• **Dataset entries**

(* Let $\Omega\subset\mathbb{C}$ be a domain, $p>0$, and let $\overline D_n\subset\Omega$, $n=1,2,\dots,\mathcal N$ ($\mathcal N$ finite or infinite), be closed discs of radius $R>0$, where if $\mathcal N=\infty$ there exists $N$ such that the $\overline D_n$ are pairwise disjoint for $n>N$. Then $$\mathcal A(\Omega)\cap\mathcal A_p\Big(\Omega\setminus\bigcup_{n=1}^{\mathcal N}\overline D_n\Big)\subset\mathcal A_p(\Omega).$$
   Context: For a domain (open set) $\Omega'\subset\mathbb{C}$, $\mathcal A(\Omega')$ is the algebra of holomorphic functions on $\Omega'$, and for $p>0$, $\mathcal A_p(\Omega')=\{f\in\mathcal A(\Omega'):\exists\,c,M>0\text{ with }|f(\lambda)|\le Me^{c|\lambda|^p}\text{ for all }\lambda\in\Omega'\}$. The statement means: if $f$ is holomorphic on $\Omega$ and satisfies such a bound on $\Omega\setminus\bigcup\overline D_n$, then it satisfies such a bound (with possibly different constants) on all of $\Omega$. *)

From Stdlib Require Import Reals.
From Coquelicot Require Import Coquelicot.
Open Scope R_scope.

(* |x|^p for x >= 0, with the convention 0^p = 0 (p > 0); Stdlib's Rpower
   would give Rpower 0 p = 1. *)
Definition rpow (x p : R) : R :=
  if Req_EM_T x 0 then 0 else Rpower x p.

Definition holo_on (U : C -> Prop) (f : C -> C) : Prop :=
  forall z : C, U z -> @ex_derive C_AbsRing C_NormedModule f z.

Definition growth_p (p : R) (U : C -> Prop) (f : C -> C) : Prop :=
  exists c M : R, 0 < c /\ 0 < M /\
    forall z : C, U z -> Cmod (f z) <= M * exp (c * rpow (Cmod z) p).

Definition A_p (p : R) (U : C -> Prop) (f : C -> C) : Prop :=
  holo_on U f /\ growth_p p U f.

(* index set of the discs (0-based): Some N = finitely many (n < N),
   None = infinitely many (all n : nat) *)
Definition in_idx (NN : option nat) (n : nat) : Prop :=
  match NN with Some N => (n < N)%nat | None => True end.

Definition cdisc (a : C) (R : R) (z : C) : Prop := Cmod (Cminus z a) <= R.

(* Fix z in one of the discs and let K be the union of the discs whose centres have modulus
   at most |z| + L0 + 3R, where L0 bounds the first N centres. K is compact, and since the
   remaining discs are pairwise disjoint and far from K, every point w near K but outside K
   lies outside all discs, so |f(w)| <= M exp(c |w|^p) with |w| <= |z| + L0 + 4R + 1.
   The maximum modulus principle carries this bound over to K, and
   (x + k)^p <= (2k)^p + 2^p x^p puts it in the required form.
   The maximum modulus principle is proved from scratch: Goursat's bisection argument on
   polar rectangles gives the mean value property of Re f on circles, hence a strict
   sub-mean value property of |f| + eps |w|^2; at a maximum point of this function on K
   some nearby point outside K is larger still, which is impossible for small eps. *)

From Stdlib Require Import Reals.
From Coquelicot Require Import Coquelicot.
From Stdlib Require Import Lra Lia Classical ClassicalEpsilon FunctionalExtensionality List RList.
Import ListNotations.
Open Scope R_scope.

(** * Bisection of rectangles *)

Lemma nested_intervals (lo hi : nat -> R) :
  (forall n, lo n <= lo (S n)) -> (forall n, hi (S n) <= hi n) -> (forall n, lo n <= hi n) ->
  exists x, forall n, lo n <= x <= hi n.
Proof.
  intros Hlo Hhi Hle.
  assert (Hmono : forall n m, (n <= m)%nat -> lo n <= lo m /\ hi m <= hi n).
  { intros n m Hnm; induction Hnm; [lra|].
    specialize (Hlo m); specialize (Hhi m); lra. }
  assert (Hcross : forall n m, lo n <= hi m).
  { intros n m; destruct (Nat.le_ge_cases n m) as [Hnm | Hmn].
    - pose proof (Hmono n m Hnm); pose proof (Hle m); lra.
    - pose proof (Hmono m n Hmn); pose proof (Hle n); lra. }
  set (E := fun x => exists n, x = lo n).
  destruct (completeness E) as [x [Hub Hleast]].
  - exists (hi 0%nat); intros y [n ->]; apply Hcross.
  - exists (lo 0%nat), 0%nat; reflexivity.
  - exists x; intros n; split.
    + apply Hub; exists n; reflexivity.
    + apply Hleast; intros y [m ->]; apply Hcross.
Qed.

Lemma geometric_halving_small (s del : R) :
  0 < del -> exists n, s / 2 ^ n < del.
Proof.
  intros Hdel; pose proof (Rabs_pos s).
  destruct (pow_lt_1_zero (/ 2)) with (y := del / (Rabs s + 1)) as [n Hn].
  { rewrite Rabs_right; lra. }
  { apply Rdiv_lt_0_compat; lra. }
  exists n; specialize (Hn n (le_n n)).
  rewrite Rabs_right, pow_inv in Hn by (apply Rle_ge, pow_le; lra).
  assert (H2n : 0 < / 2 ^ n) by (apply Rinv_0_lt_compat, pow_lt; lra).
  apply Rmult_lt_compat_l with (r := Rabs s + 1) in Hn; [|lra].
  replace ((Rabs s + 1) * (del / (Rabs s + 1))) with del in Hn by (field; lra).
  unfold Rdiv; pose proof (Rle_abs s); nra.
Qed.

Record rect := Rect { rlo : R; rhi : R; tlo : R; thi : R }.

Definition rect_size (b : rect) : R := (rhi b - rlo b) + (thi b - tlo b).

Definition half_subrect (b q : rect) : Prop :=
  rlo b <= rlo q /\ rhi q <= rhi b /\ tlo b <= tlo q /\ thi q <= thi b /\
  rhi q - rlo q = (rhi b - rlo b) / 2 /\ thi q - tlo q = (thi b - tlo b) / 2.

Section Rect_chains.

Variable sq : nat -> rect.
Hypothesis sq_half : forall n, half_subrect (sq n) (sq (S n)).
Hypothesis sq_nonempty : forall n, rlo (sq n) <= rhi (sq n) /\ tlo (sq n) <= thi (sq n).

Lemma rect_chain_common_point :
  exists rs ts, forall n, rlo (sq n) <= rs <= rhi (sq n) /\ tlo (sq n) <= ts <= thi (sq n).
Proof.
  destruct (nested_intervals (fun n => rlo (sq n)) (fun n => rhi (sq n))) as [rs Hrs];
    try (intros n; destruct (sq_half n) as (? & ? & _); destruct (sq_nonempty n); lra).
  destruct (nested_intervals (fun n => tlo (sq n)) (fun n => thi (sq n))) as [ts Hts];
    try (intros n; destruct (sq_half n) as (_ & _ & ? & ? & _); destruct (sq_nonempty n); lra).
  exists rs, ts; auto.
Qed.

Lemma rect_chain_size (n : nat) : rect_size (sq n) = rect_size (sq 0%nat) / 2 ^ n.
Proof.
  induction n as [|n IH]; [simpl; field|].
  destruct (sq_half n) as (_ & _ & _ & _ & Hwr & Hwt).
  transitivity (rect_size (sq n) / 2); [unfold rect_size; rewrite Hwr, Hwt; field|].
  rewrite IH; simpl pow; field; apply pow_nonzero; lra.
Qed.

End Rect_chains.

Section Bisection.

Variables (Phi : R -> R -> R -> R -> R) (r0 r1 t0 t1 : R).

Definition rect_in (b : rect) : Prop :=
  r0 <= rlo b <= rhi b /\ rhi b <= r1 /\ t0 <= tlo b <= thi b /\ thi b <= t1.

Hypothesis Phi_split_r : forall ra rm rb ta tb,
  r0 <= ra <= rm -> rm <= rb <= r1 -> t0 <= ta <= tb -> tb <= t1 ->
  Phi ra rb ta tb = Phi ra rm ta tb + Phi rm rb ta tb.
Hypothesis Phi_split_t : forall ra rb ta tm tb,
  r0 <= ra <= rb -> rb <= r1 -> t0 <= ta <= tm -> tm <= tb <= t1 ->
  Phi ra rb ta tb = Phi ra rb ta tm + Phi ra rb tm tb.
Hypothesis Phi_local : forall rs ts, r0 <= rs <= r1 -> t0 <= ts <= t1 ->
  forall eps, 0 < eps -> exists del, 0 < del /\ forall b, rect_in b ->
    rlo b <= rs <= rhi b -> tlo b <= ts <= thi b -> rect_size b < del ->
    Rabs (Phi (rlo b) (rhi b) (tlo b) (thi b)) <= eps * rect_size b ^ 2.

Let heavy (kappa : R) (b : rect) : Prop :=
  kappa * rect_size b ^ 2 < Rabs (Phi (rlo b) (rhi b) (tlo b) (thi b)).

Lemma heavy_quarter (kappa : R) (b : rect) : rect_in b -> heavy kappa b ->
  exists q, rect_in q /\ heavy kappa q /\ half_subrect b q.
Proof.
  intros Hb Hheavy; apply NNPP; intros Hnone.
  assert (Hlight : forall q, rect_in q -> half_subrect b q ->
            Rabs (Phi (rlo q) (rhi q) (tlo q) (thi q)) <= kappa * (rect_size b / 2) ^ 2).
  { intros q Hq Hhalf.
    replace (rect_size b / 2) with (rect_size q)
      by (destruct Hhalf as (_ & _ & _ & _ & Hwr & Hwt); unfold rect_size; lra).
    apply Rnot_lt_le; intros Hheavy_q; apply Hnone; exists q; auto. }
  set (rm := (rlo b + rhi b) / 2); set (tm := (tlo b + thi b) / 2).
  assert (Hrm : rm = (rlo b + rhi b) / 2) by reflexivity.
  assert (Htm : tm = (tlo b + thi b) / 2) by reflexivity.
  pose proof (Hlight (Rect (rlo b) rm (tlo b) tm)) as H1.
  pose proof (Hlight (Rect (rlo b) rm tm (thi b))) as H2.
  pose proof (Hlight (Rect rm (rhi b) (tlo b) tm)) as H3.
  pose proof (Hlight (Rect rm (rhi b) tm (thi b))) as H4.
  unfold rect_in, half_subrect in *; simpl in H1, H2, H3, H4.
  specialize (H1 ltac:(repeat split; lra) ltac:(repeat split; lra)).
  specialize (H2 ltac:(repeat split; lra) ltac:(repeat split; lra)).
  specialize (H3 ltac:(repeat split; lra) ltac:(repeat split; lra)).
  specialize (H4 ltac:(repeat split; lra) ltac:(repeat split; lra)).
  unfold heavy in Hheavy.
  rewrite (Phi_split_r _ rm), (Phi_split_t _ _ _ tm), (Phi_split_t rm _ _ tm) in Hheavy by lra.
  pose proof (Rabs_triang (Phi (rlo b) rm (tlo b) tm + Phi (rlo b) rm tm (thi b))
                          (Phi rm (rhi b) (tlo b) tm + Phi rm (rhi b) tm (thi b))).
  pose proof (Rabs_triang (Phi (rlo b) rm (tlo b) tm) (Phi (rlo b) rm tm (thi b))).
  pose proof (Rabs_triang (Phi rm (rhi b) (tlo b) tm) (Phi rm (rhi b) tm (thi b))).
  lra.
Qed.

Lemma heavy_chain (kappa : R) (b0 : rect) : rect_in b0 -> heavy kappa b0 ->
  exists sq : nat -> rect, sq 0%nat = b0 /\
    forall n, rect_in (sq n) /\ heavy kappa (sq n) /\ half_subrect (sq n) (sq (S n)).
Proof.
  intros Hb0in Hb0.
  destruct (choice (fun b q => rect_in b -> heavy kappa b ->
                      rect_in q /\ heavy kappa q /\ half_subrect b q)) as [next Hnext].
  { intros b; destruct (classic (rect_in b /\ heavy kappa b)) as [[Hb Hh] | Hno].
    - destruct (heavy_quarter kappa b Hb Hh) as [q Hq]; exists q; auto.
    - exists b; intros Hb Hh; exfalso; auto. }
  exists (fun n => Nat.iter n next b0); split; [reflexivity|].
  intros n; induction n as [|n [Hin [Hh _]]].
  - destruct (Hnext b0 Hb0in Hb0) as (? & ? & ?); auto.
  - destruct (Hnext _ Hin Hh) as (Hin' & Hh' & _).
    destruct (Hnext _ Hin' Hh') as (? & ? & ?); auto.
Qed.

(* Abstract Goursat argument: if Phi were nonzero, repeated quartering would give nested
   rectangles on which |Phi| stays above a fixed multiple of size^2, contradicting the
   local estimate at their common point. *)
Theorem additive_locally_small_eq_0 : r0 <= r1 -> t0 <= t1 -> Phi r0 r1 t0 t1 = 0.
Proof.
  intros Hr Ht; set (b0 := Rect r0 r1 t0 t1).
  assert (Hb0in : rect_in b0) by (unfold rect_in; simpl; lra).
  apply NNPP; intros Hnz.
  set (kappa := Rabs (Phi r0 r1 t0 t1) / (2 * (rect_size b0 ^ 2 + 1))).
  assert (Habs : 0 < Rabs (Phi r0 r1 t0 t1)) by (apply Rabs_pos_lt, Hnz).
  assert (Hkappa : 0 < kappa)
    by (apply Rdiv_lt_0_compat; pose proof (pow2_ge_0 (rect_size b0)); lra).
  assert (Hb0 : heavy kappa b0).
  { unfold heavy, kappa; set (s2 := rect_size b0 ^ 2); simpl.
    assert (0 <= s2) by apply pow2_ge_0.
    apply Rmult_lt_reg_r with (2 * (s2 + 1)); [lra|].
    field_simplify; [nra | lra]. }
  destruct (heavy_chain kappa b0 Hb0in Hb0) as [sq [Hsq0 Hsq]].
  destruct (rect_chain_common_point sq) as [rs [ts Hpt]];
    [apply Hsq | intros n; destruct (Hsq n) as ((? & ? & ? & ?) & _); lra |].
  destruct (Hpt 0%nat) as [Hrs0 Hts0]; rewrite Hsq0 in Hrs0, Hts0; simpl in Hrs0, Hts0.
  destruct (Phi_local rs ts ltac:(lra) ltac:(lra) (kappa / 2)) as [del [Hdel Hloc]]; [lra|].
  destruct (geometric_halving_small (rect_size b0) del Hdel) as [n Hn].
  destruct (Hsq n) as (Hin & Hh & _); destruct (Hpt n) as [Hrsn Htsn].
  rewrite <- Hsq0, <- (rect_chain_size sq) in Hn by apply Hsq.
  specialize (Hloc (sq n) Hin Hrsn Htsn Hn).
  unfold heavy in Hh; pose proof (pow2_ge_0 (rect_size (sq n))); nra.
Qed.

End Bisection.

Lemma Cmod_minus_sym (x y : C) : Cmod (x - y) = Cmod (y - x).
Proof. replace (x - y)%C with (- (y - x))%C by ring. apply Cmod_opp. Qed.

Lemma Cmod_minus_triangle (x y z : C) : Cmod (x - z) <= Cmod (x - y) + Cmod (y - z).
Proof. replace (x - z)%C with ((x - y) + (y - z))%C by ring. apply Cmod_triangle. Qed.

Lemma Cmod_le_Cmod_plus_minus (w w0 : C) : Cmod w <= Cmod w0 + Cmod (w - w0).
Proof. replace w with (w0 + (w - w0))%C at 1 by ring. apply Cmod_triangle. Qed.

Lemma Rabs_Cmod_minus (x y : C) : Rabs (Cmod x - Cmod y) <= Cmod (x - y).
Proof.
  apply Rabs_le.
  pose proof (Cmod_le_Cmod_plus_minus x y); pose proof (Cmod_le_Cmod_plus_minus y x).
  rewrite (Cmod_minus_sym y x) in *; lra.
Qed.

Lemma Re_minus (x y : C) : Re (x - y) = Re x - Re y.
Proof. reflexivity. Qed.

Lemma Im_minus (x y : C) : Im (x - y) = Im x - Im y.
Proof. reflexivity. Qed.

Lemma Rabs_Re_minus_le (x y : C) : Rabs (Re x - Re y) <= Cmod (x - y).
Proof. apply (re_le_Cmod (x - y)). Qed.

Lemma Rabs_Im_le_Cmod (z : C) : Rabs (Im z) <= Cmod z.
Proof. eapply Rle_trans; [apply Rmax_r | apply Rmax_Cmod]. Qed.

Lemma Rabs_Im_minus_le (x y : C) : Rabs (Im x - Im y) <= Cmod (x - y).
Proof. apply (Rabs_Im_le_Cmod (x - y)). Qed.

Lemma Cmod_le_Rabs_plus (x y : R) : Cmod (x, y) <= Rabs x + Rabs y.
Proof.
  pose proof (Rabs_pos x); pose proof (Rabs_pos y).
  rewrite <- (sqrt_square (Rabs x + Rabs y)) by lra.
  apply sqrt_le_1_alt; simpl.
  pose proof (Rsqr_abs x); pose proof (Rsqr_abs y); unfold Rsqr in *; nra.
Qed.

Lemma open_small_closed_disc (Omega : C -> Prop) (x : C) (r0 : R) :
  @open C_UniformSpace Omega -> Omega x -> 0 < r0 ->
  exists r, 0 < r < r0 /\ r <= 1 /\ forall y, Cmod (y - x) <= r -> Omega y.
Proof.
  intros Ho Hx Hr0; destruct (Ho x Hx) as [e He]; pose proof (cond_pos e).
  assert (0 < Rmin r0 e) by (apply Rmin_pos; lra).
  pose proof (Rmin_l r0 e); pose proof (Rmin_r r0 e).
  pose proof (Rmin_l (Rmin r0 e / 2) 1); pose proof (Rmin_r (Rmin r0 e / 2) 1).
  exists (Rmin (Rmin r0 e / 2) 1); split; [split; [apply Rmin_pos|]; lra|]; split; [lra|].
  intros y Hy; apply He, (C_NormedModule_mixin_compat1 x y e).
  change (Cmod (y - x) < e); lra.
Qed.

Definition C_differentiable_at (g : C -> C) (z : C) : Prop :=
  exists l : C, forall eps, 0 < eps -> exists del, 0 < del /\
    forall z', Cmod (z' - z) < del -> Cmod (g z' - g z - l * (z' - z)) <= eps * Cmod (z' - z).

Definition C_continuous_at (g : C -> C) (z : C) : Prop :=
  forall eps, 0 < eps -> exists del, 0 < del /\
    forall z', Cmod (z' - z) < del -> Cmod (g z' - g z) < eps.

Definition R_continuous_at (h : C -> R) (z : C) : Prop :=
  forall eps, 0 < eps -> exists del, 0 < del /\
    forall z', Cmod (z' - z) < del -> Rabs (h z' - h z) < eps.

• **GOAL OF THE EXERCISE**
Return all lines from the data above with "outside" in them.

• **TASK RESULT**
   remaining discs are pairwise disjoint and far from K, every point w near K but outside K
   lies outside all discs, so |f(w)| <= M exp(c |w|^p) with |w| <= |z| + L0 + 4R + 1.
   some nearby point outside K is larger still, which is impossible for small eps. *)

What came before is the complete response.